ACTIVITY:
Your response should consist solely of the records, written out exactly.

*** Block opens ***

(* Let $\mathcal X$ be a barreled topological real vector space, $\sigma$ a symplectic form on $\mathcal X$, $\mathcal X_{\rm bulk}\subset\mathcal X$ a linear subspace, $\mathcal X_{\rm bd}$ a topological real vector space, and $\partial:\mathcal X_{\rm bulk}'\to\mathcal X_{\rm bd}'$ a linear map whose restriction to $\mathcal X'$ (each $u\in\mathcal X'$ being regarded as an element of $\mathcal X_{\rm bulk}'$ by restriction to $\mathcal X_{\rm bulk}$) is continuous $\mathcal X'\to\mathcal X_{\rm bd}'$. Let $\eta$ be a symmetric bilinear form on $\mathcal X$ which is strictly positive ($(v\cdot\eta v)>0$ for $v\neq0$) and satisfies $|v_1\cdot\sigma v_2|\le (v_1\cdot\eta v_1)^{1/2}(v_2\cdot\eta v_2)^{1/2}$ for all $v_1,v_2\in\mathcal X$. Let $\mathcal X^{\rm cpl}$ be the real Hilbert space completion of $\mathcal X$ with respect to the inner product $\eta$, with extended inner product $\eta^{\rm cpl}$ (so $\mathcal X\subset\mathcal X^{\rm cpl}$). Assume (Hypothesis 1) that the map $\eta:\mathcal X\to\mathcal X'$, $v\mapsto (w\mapsto w\cdot\eta v)$, is continuous. Then: (i) for every $\tilde u\in\mathcal X^{\rm cpl}$ the functional $\eta^{\rm cpl}\tilde u: v\mapsto (v\cdot\eta^{\rm cpl}\tilde u)$ on $\mathcal X$ belongs to $\mathcal X'$, and for every $f\in\mathcal X_{\rm bd}$ the linear functional $\mathcal X^{\rm cpl}\ni\tilde u\mapsto \big(\partial(\eta^{\rm cpl}\tilde u)\big)(f)$ is continuous; hence there is a unique element $\partial' f\in\mathcal X^{\rm cpl}$ with $(\partial'f\cdot\eta^{\rm cpl}\tilde u)=\big(\partial(\eta^{\rm cpl}\tilde u)\big)(f)$ for all $\tilde u\in\mathcal X^{\rm cpl}$, i.e. $\mathrm{Ran}(\partial'\restriction\mathcal X_{\rm bd})\subset\mathcal X^{\rm cpl}$. (ii) If moreover (Hypothesis 2) for every $u\in\mathcal X'$ the condition $\partial u=0$ implies that $u$ vanishes on $\mathcal X_{\rm bulk}$, then $$\big(\{\partial'f: f\in\mathcal X_{\rm bd}\}\big)^{\rm cl}\supset(\mathcal X_{\rm bulk})^{\rm cl},$$ where both closures are taken in the Hilbert space $\mathcal X^{\rm cpl}$.
   Context: For a topological real vector space $\mathcal Y$, $\mathcal Y'$ denotes its continuous dual equipped with the weak$^*$ topology. For a bilinear form $\eta$ on $\mathcal X$, $(v_1\cdot\eta v_2)$ denotes its value on $v_1,v_2$. The map $\partial'$ is the dual of $\partial$; on $\mathcal X_{\rm bd}$ it is understood via the identification in (i). *)

From HB Require Import structures.
From mathcomp Require Import all_boot all_order all_algebra.
From mathcomp Require Import all_classical all_reals all_analysis.
Set Implicit Arguments. Unset Strict Implicit. Unset Printing Implicit Defensive.
Import Order.TTheory GRing.Theory Num.Theory.
Import numFieldNormedType.Exports.
Local Open Scope classical_set_scope.
Local Open Scope ring_scope.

*** Block closes ***

RESPONSE TO THE TASK:
(* Let $\mathcal X$ be a barreled topological real vector space, $\sigma$ a symplectic form on $\mathcal X$, $\mathcal X_{\rm bulk}\subset\mathcal X$ a linear subspace, $\mathcal X_{\rm bd}$ a topological real vector space, and $\partial:\mathcal X_{\rm bulk}'\to\mathcal X_{\rm bd}'$ a linear map whose restriction to $\mathcal X'$ (each $u\in\mathcal X'$ being regarded as an element of $\mathcal X_{\rm bulk}'$ by restriction to $\mathcal X_{\rm bulk}$) is continuous $\mathcal X'\to\mathcal X_{\rm bd}'$. Let $\eta$ be a symmetric bilinear form on $\mathcal X$ which is strictly positive ($(v\cdot\eta v)>0$ for $v\neq0$) and satisfies $|v_1\cdot\sigma v_2|\le (v_1\cdot\eta v_1)^{1/2}(v_2\cdot\eta v_2)^{1/2}$ for all $v_1,v_2\in\mathcal X$. Let $\mathcal X^{\rm cpl}$ be the real Hilbert space completion of $\mathcal X$ with respect to the inner product $\eta$, with extended inner product $\eta^{\rm cpl}$ (so $\mathcal X\subset\mathcal X^{\rm cpl}$). Assume (Hypothesis 1) that the map $\eta:\mathcal X\to\mathcal X'$, $v\mapsto (w\mapsto w\cdot\eta v)$, is continuous. Then: (i) for every $\tilde u\in\mathcal X^{\rm cpl}$ the functional $\eta^{\rm cpl}\tilde u: v\mapsto (v\cdot\eta^{\rm cpl}\tilde u)$ on $\mathcal X$ belongs to $\mathcal X'$, and for every $f\in\mathcal X_{\rm bd}$ the linear functional $\mathcal X^{\rm cpl}\ni\tilde u\mapsto \big(\partial(\eta^{\rm cpl}\tilde u)\big)(f)$ is continuous; hence there is a unique element $\partial' f\in\mathcal X^{\rm cpl}$ with $(\partial'f\cdot\eta^{\rm cpl}\tilde u)=\big(\partial(\eta^{\rm cpl}\tilde u)\big)(f)$ for all $\tilde u\in\mathcal X^{\rm cpl}$, i.e. $\mathrm{Ran}(\partial'\restriction\mathcal X_{\rm bd})\subset\mathcal X^{\rm cpl}$. (ii) If moreover (Hypothesis 2) for every $u\in\mathcal X'$ the condition $\partial u=0$ implies that $u$ vanishes on $\mathcal X_{\rm bulk}$, then $$\big(\{\partial'f: f\in\mathcal X_{\rm bd}\}\big)^{\rm cl}\supset(\mathcal X_{\rm bulk})^{\rm cl},$$ where both closures are taken in the Hilbert space $\mathcal X^{\rm cpl}$.
   Context: For a topological real vector space $\mathcal Y$, $\mathcal Y'$ denotes its continuous dual equipped with the weak$^*$ topology. For a bilinear form $\eta$ on $\mathcal X$, $(v_1\cdot\eta v_2)$ denotes its value on $v_1,v_2$. The map $\partial'$ is the dual of $\partial$; on $\mathcal X_{\rm bd}$ it is understood via the identification in (i). *)

From HB Require Import structures.
From mathcomp Require Import all_boot all_order all_algebra.
From mathcomp Require Import all_classical all_reals all_analysis.
Set Implicit Arguments. Unset Strict Implicit. Unset Printing Implicit Defensive.
Import Order.TTheory GRing.Theory Num.Theory.
Import numFieldNormedType.Exports.
Local Open Scope classical_set_scope.
Local Open Scope ring_scope.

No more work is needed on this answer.